Policja zatrzymała handlarza dopalaczami

i

Autor: Policja Łódź Policja zatrzymała handlarza dopalaczami

Łódź: młoda kobieta zmarła w szpitalu po zażyciu dopalaczy! Policja zatrzymała handlarza, który sprzedał jej środek

2018-07-27 18:56

30-latka wspólnie z kolegą chciała wypalić dopalacze. Oboje od razu stracili przytomność. Kobiety nie udało się odratować. Policję o tajemniczych okolicznościach śmierci powiadomił szpital, do którego trafiła kobieta.

24 lipca policjanci z V Komisariatu Policji KMP w Łodzi zostali poinformowani o tajemniczym zgonie młodej kobiety na terenie szpitala przy ul. Północnej. Jak wynikało ze wstępnych ustaleń funkcjonariuszy, śmierć 30-latki mogła mieć związek z zatruciem tzw. „dopalaczami”.

Policjanci postanowili sprawdzić ostatnie godziny życia zmarłej, by odpowiedzieć na pytanie dotyczące przyczyn, które doprowadziły do jej śmierci. Badając okoliczności zdarzenia szybko ustalili, że kobieta z trójką znajomych wybrała się na ulicę Piotrkowską w Łodzi. Wraz z dwoma uczestnikami spotkania postanowili, że będą palić dopalacze. Wcześniej jeden z mężczyzn zakupił używkę niewiadomego pochodzenia w okolicach rynku na dzielnicy Górna.

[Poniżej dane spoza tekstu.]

(* Let $\varphi$ be an $\mathrm{LTL_{PSL}}$ formula, $D=(I^+,I^-)$ a partition of the set $I$ of its subformulae of the form $s\preceq s'$, and $\varphi_D$ the associated formula. If the language of the generalised Büchi automaton $\mathcal{A}_{\varphi_D}$ is non-empty, then $\varphi_D$ is $\mathrm{SLTL}$-satisfiable.
   Context: Propositional variables $\mathcal{P}$ and standpoint symbols $\mathcal{S}$ (with universal symbol $*$) are countably infinite. SLTL formulae: $\varphi ::= p \mid s \preceq s' \mid \neg\varphi \mid \varphi\wedge\varphi \mid \Diamond_s\varphi \mid \Box_s\varphi \mid X\varphi \mid \varphi\,U\,\varphi$. A model is $M=(\Pi,\lambda)$ with $\Pi\neq\emptyset$ a set of traces $\sigma:\mathbb{N}\to 2^{\mathcal{P}}$, $\lambda:\mathcal{S}\to 2^{\Pi}\setminus\{\emptyset\}$, $\lambda( * )=\Pi$; $M,\sigma,i\models p$ iff $p\in\sigma(i)$; $s\preceq s'$ holds iff $\lambda(s)\subseteq\lambda(s')$; $\Diamond_s\psi$ (resp. $\Box_s\psi$) holds at $\sigma,i$ iff $\psi$ holds at $\sigma',i$ for some (resp. all) $\sigma'\in\lambda(s)$; $X\psi$ holds at $\sigma,i$ iff $\psi$ holds at $\sigma,i+1$; $\psi U\chi$ holds at $\sigma,i$ iff $\chi$ holds at some $\sigma,i'$, $i'\ge i$, and $\psi$ at $\sigma,i''$ for all $i\le i''<i'$. $G\psi:=\neg(\top U\neg\psi)$. Satisfiable: holds at $\sigma,0$ for some $M$, $\sigma\in\Pi$. $\mathrm{LTL_{PSL}}$: SLTL formulae with no $X$ or $U$ in the scope of any $\Diamond_s$ or $\Box_s$. $\varphi_D:=\varphi[I^+\mapsto\top,I^-\mapsto\bot]\wedge G\big(\bigwedge_{(s\preceq s')\in I^+}(s\preceq s')\wedge\bigwedge_{(s\preceq s')\in I^-}(\Diamond_s p_{s,s'}\wedge\neg\Diamond_{s'}p_{s,s'})\big)$, where members of $I^+$ (resp. $I^-$) are replaced by $\top$ (resp. $\bot$) and the $p_{s,s'}$ are fresh variables. PSL is the temporal-free fragment; a PSL model is $(\Pi,V)$ with $\Pi$ finite nonempty, $V:\mathcal{S}\cup\mathcal{P}\to 2^{\Pi}$, $V(s)\neq\emptyset$ for all $s$, $V( * )=\Pi$; $\pi\models p$ iff $\pi\in V(p)$, $s\preceq s'$ iff $V(s)\subseteq V(s')$, $\Diamond_s\psi$/$\Box_s\psi$ iff $\psi$ holds at some/all $\pi'\in V(s)$. The closure $cl(\varphi_D)$ is the smallest set containing all subformulae of $\varphi_D$, $\top$ and $\bot$, closed under negation (identifying $\neg\neg\psi$ with $\psi$), and such that $\psi U\psi'\in cl(\varphi_D)$ implies $X(\psi U\psi')\in cl(\varphi_D)$. $B\subseteq cl(\varphi_D)$ is maximally consistent if $\top\in B$, $\bot\notin B$; $\psi\in B$ iff $\neg\psi\notin B$ for $\neg\psi\in cl(\varphi_D)$; $\psi_1\wedge\psi_2\in B$ iff $\psi_1,\psi_2\in B$; $\psi_1U\psi_2\in B$ iff $\psi_2\in B$ or $\{\psi_1,X(\psi_1U\psi_2)\}\subseteq B$. $B$ is standpoint-consistent if the conjunction of the members of $B$ that are PSL formulae is PSL-satisfiable; $B$ is s-elementary if maximally consistent and standpoint-consistent. $\mathcal{A}_{\varphi_D}=(Q,2^{\mathcal{P}(\varphi_D)},\delta,Q_0,\mathcal{F})$ where $\mathcal{P}(\varphi_D)$ is the set of variables of $\varphi_D$; $Q$ is the set of s-elementary sets; $Q_0=\{B\in Q:\varphi_D\in B\}$; $\mathcal{F}$ contains, for each $\psi_1U\psi_2\in cl(\varphi_D)$, the set $\{B\in Q:\psi_1U\psi_2\notin B\text{ or }\psi_2\in B\}$; $\delta(B,A)=\emptyset$ if $A\neq B\cap\mathcal{P}(\varphi_D)$, and otherwise $\delta(B,A)$ is the set of $B'\in Q$ such that for every $X\psi\in cl(\varphi_D)$, $X\psi\in B$ iff $\psi\in B'$. An infinite word is accepted if it has a run starting in $Q_0$ that visits each set of $\mathcal{F}$ infinitely often. *)

From Stdlib Require Import List Arith Bool.
Import ListNotations.

(* Propositional variables and standpoint symbols are both nat (countably
   infinite); the standpoint 0 is the universal standpoint *. *)
Definition star : nat := 0.

Inductive form : Type :=
| Top : form
| Var : nat -> form
| Prec : nat -> nat -> form
| Neg : form -> form
| And : form -> form -> form
| Dia : nat -> form -> form
| Box : nat -> form -> form
| Next : form -> form
| Until : form -> form -> form.

Definition Bot : form := Neg Top.
Definition G (f : form) : form := Neg (Until Top (Neg f)).

Definition neg' (f : form) : form :=
  match f with Neg g => g | _ => Neg f end.

Fixpoint subf (psi phi : form) : Prop :=
  psi = phi \/
  match phi with
  | Top | Var _ | Prec _ _ => False
  | Neg g | Dia _ g | Box _ g | Next g => subf psi g
  | And g h | Until g h => subf psi g \/ subf psi h
  end.

Definition vars (phi : form) (p : nat) : Prop := subf (Var p) phi.

Fixpoint temporal_free (f : form) : Prop :=
  match f with
  | Top | Var _ | Prec _ _ => True
  | Neg g | Dia _ g | Box _ g => temporal_free g
  | And g h => temporal_free g /\ temporal_free h
  | Next _ | Until _ _ => False
  end.

Fixpoint LTL_PSL (f : form) : Prop :=
  match f with
  | Top | Var _ | Prec _ _ => True
  | Neg g | Next g => LTL_PSL g
  | And g h | Until g h => LTL_PSL g /\ LTL_PSL h
  | Dia _ g | Box _ g => temporal_free g
  end.

Definition trace := nat -> nat -> Prop.  (* sigma i p  <->  p in sigma(i) *)

Record SLTL_model := {
  Pi : trace -> Prop;
  lam : nat -> trace -> Prop;
  Pi_nonempty : exists sg, Pi sg;
  lam_sub : forall s sg, lam s sg -> Pi sg;
  lam_nonempty : forall s, exists sg, lam s sg;
  lam_star : forall sg, lam star sg <-> Pi sg
}.

Fixpoint sat (M : SLTL_model) (sg : trace) (i : nat) (f : form) : Prop :=
  match f with
  | Top => True
  | Var p => sg i p
  | Prec s s' => forall t, lam M s t -> lam M s' t
  | Neg g => ~ sat M sg i g
  | And g h => sat M sg i g /\ sat M sg i h
  | Dia s g => exists t, lam M s t /\ sat M t i g
  | Box s g => forall t, lam M s t -> sat M t i g
  | Next g => sat M sg (S i) g
  | Until g h => exists i', i <= i' /\ sat M sg i' h /\
                  forall i'', i <= i'' < i' -> sat M sg i'' g
  end.

Definition SLTL_satisfiable (f : form) : Prop :=
  exists (M : SLTL_model) (sg : trace), Pi M sg /\ sat M sg 0 f.

Fixpoint psl_sat {W : Type} (VS : nat -> W -> Prop) (VP : nat -> W -> Prop)
  (w : W) (f : form) : Prop :=
  match f with
  | Top => True
  | Var p => VP p w
  | Prec s s' => forall u, VS s u -> VS s' u
  | Neg g => ~ psl_sat VS VP w g
  | And g h => psl_sat VS VP w g /\ psl_sat VS VP w h
  | Dia s g => exists u, VS s u /\ psl_sat VS VP u g
  | Box s g => forall u, VS s u -> psl_sat VS VP u g
  | Next _ | Until _ _ => False   (* not PSL formulae *)
  end.

(* the conjunction of the (finitely many) PSL formulae in B is PSL-satisfiable:
   there is a PSL model (finite nonempty Pi, valuation V) and a point at which
   every PSL member of B holds *)
Definition PSL_set_satisfiable (B : form -> Prop) : Prop :=
  exists (W : Type) (enum : list W) (VS VP : nat -> W -> Prop) (w0 : W),
    (forall x : W, In x enum) /\
    (forall s, exists u, VS s u) /\
    (forall u, VS star u) /\
    (forall f, B f -> temporal_free f -> psl_sat VS VP w0 f).

Inductive cl (phi : form) : form -> Prop :=
| cl_sub : forall psi, subf psi phi -> cl phi psi
| cl_top : cl phi Top
| cl_bot : cl phi Bot
| cl_neg : forall psi, cl phi psi -> cl phi (neg' psi)
| cl_X : forall f g, cl phi (Until f g) -> cl phi (Next (Until f g)).

Definition max_consistent (phi : form) (B : form -> Prop) : Prop :=
  (forall f, B f -> cl phi f) /\
  B Top /\ ~ B Bot /\
  (forall f, cl phi f -> (B f <-> ~ B (neg' f))) /\
  (forall f g, cl phi (And f g) -> (B (And f g) <-> B f /\ B g)) /\
  (forall f g, cl phi (Until f g) ->
     (B (Until f g) <-> B g \/ (B f /\ B (Next (Until f g))))).

Definition s_elementary (phi : form) (B : form -> Prop) : Prop :=
  max_consistent phi B /\ PSL_set_satisfiable B.

(* B' in delta(B, A) *)
Definition delta (phi : form) (B : form -> Prop) (A : nat -> Prop)
  (B' : form -> Prop) : Prop :=
  (forall p, A p <-> (vars phi p /\ B (Var p))) /\
  s_elementary phi B' /\
  (forall f, cl phi (Next f) -> (B (Next f) <-> B' f)).

(* words over 2^{P(phi)} *)
Definition word := nat -> nat -> Prop.

Definition accepted (phi : form) (w : word) : Prop :=
  exists rho : nat -> (form -> Prop),
    (s_elementary phi (rho 0) /\ rho 0 phi) /\
    (forall i, delta phi (rho i) (w i) (rho (S i))) /\
    (forall f g, cl phi (Until f g) ->
       forall n, exists m, n <= m /\ (~ rho m (Until f g) \/ rho m g)).

Definition language_nonempty (phi : form) : Prop :=
  exists w : word, (forall i p, w i p -> vars phi p) /\ accepted phi w.

Definition inb (l : list (nat * nat)) (s s' : nat) : bool :=
  existsb (fun q => Nat.eqb (fst q) s && Nat.eqb (snd q) s') l.

Fixpoint substD (Ip : list (nat * nat)) (f : form) : form :=
  match f with
  | Top => Top
  | Var p => Var p
  | Prec s s' => if inb Ip s s' then Top else Bot
  | Neg g => Neg (substD Ip g)
  | And g h => And (substD Ip g) (substD Ip h)
  | Dia s g => Dia s (substD Ip g)
  | Box s g => Box s (substD Ip g)
  | Next g => Next (substD Ip g)
  | Until g h => Until (substD Ip g) (substD Ip h)
  end.

Fixpoint bigAnd (l : list form) : form :=
  match l with
  | [] => Top
  | [f] => f
  | f :: l' => And f (bigAnd l')
  end.

Definition phiD (phi : form) (Ip Im : list (nat * nat)) (pv : nat -> nat -> nat)
  : form :=
  And (substD Ip phi)
      (G (bigAnd (map (fun q => Prec (fst q) (snd q)) Ip ++
                  map (fun q => And (Dia (fst q) (Var (pv (fst q) (snd q))))
                                    (Neg (Dia (snd q) (Var (pv (fst q) (snd q))))))
                      Im))).

(** A run of the automaton picks, at every instant i, an s-elementary set
    [rho i]; standpoint-consistency provides a pointed PSL model of its PSL
    members.  Stacking these models gives an SLTL model whose traces are the
    sequences choosing one world of the i-th model at each instant, and whose
    standpoint s collects the traces that stay inside s at every instant.  The
    conjunct G(...) of phi_D holds in every [rho i], so the sharpenings of
    [I+] hold in every PSL model and hence in the stacked model, while
    phi_D itself contains no other sharpening.  A truth lemma by induction on
    subformulae, with the acceptance condition settling the eventualities,
    shows that the trace of the designated points satisfies phi_D. *)

From Stdlib Require Import List Arith Lia Classical ClassicalEpsilon.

Gdy 30-letnia mieszkanka Łodzi i jej 32-letni towarzysz zaciągnęli się dymem, stracili przytomność. Pomimo szybkiej reakcji pogotowia ratunkowego i podjętych prób reanimacji, kobieta zmarła. Jej kolega został odratowany. Drugi mężczyzna, który palił „dopalacz” również źle się poczuł, jednak po pewnym czasie doszedł do siebie bez potrzeby interwencji medycznej.

Kryminalni wyjaśniając sprawę,krok po kroku docierali do kolejnych świadków. Ostatecznie ich działania doprowadziły do zatrzymania mężczyzny, który sprzedał niebezpieczną używkę. Okazał się nim 29-letni mieszkaniec Łodzi. W mieszkaniu mężczyzny policjanci odnaleźli blisko 240 gramów substancji niewiadomego pochodzenia. Jak wynika ze wstępnych badań, część spośród nich stanowiły narkotyki. Ponadto na poczet przyszłych kar zabezpieczono ponad 31 tysięcy złotych, 355 euro oraz inną walutę.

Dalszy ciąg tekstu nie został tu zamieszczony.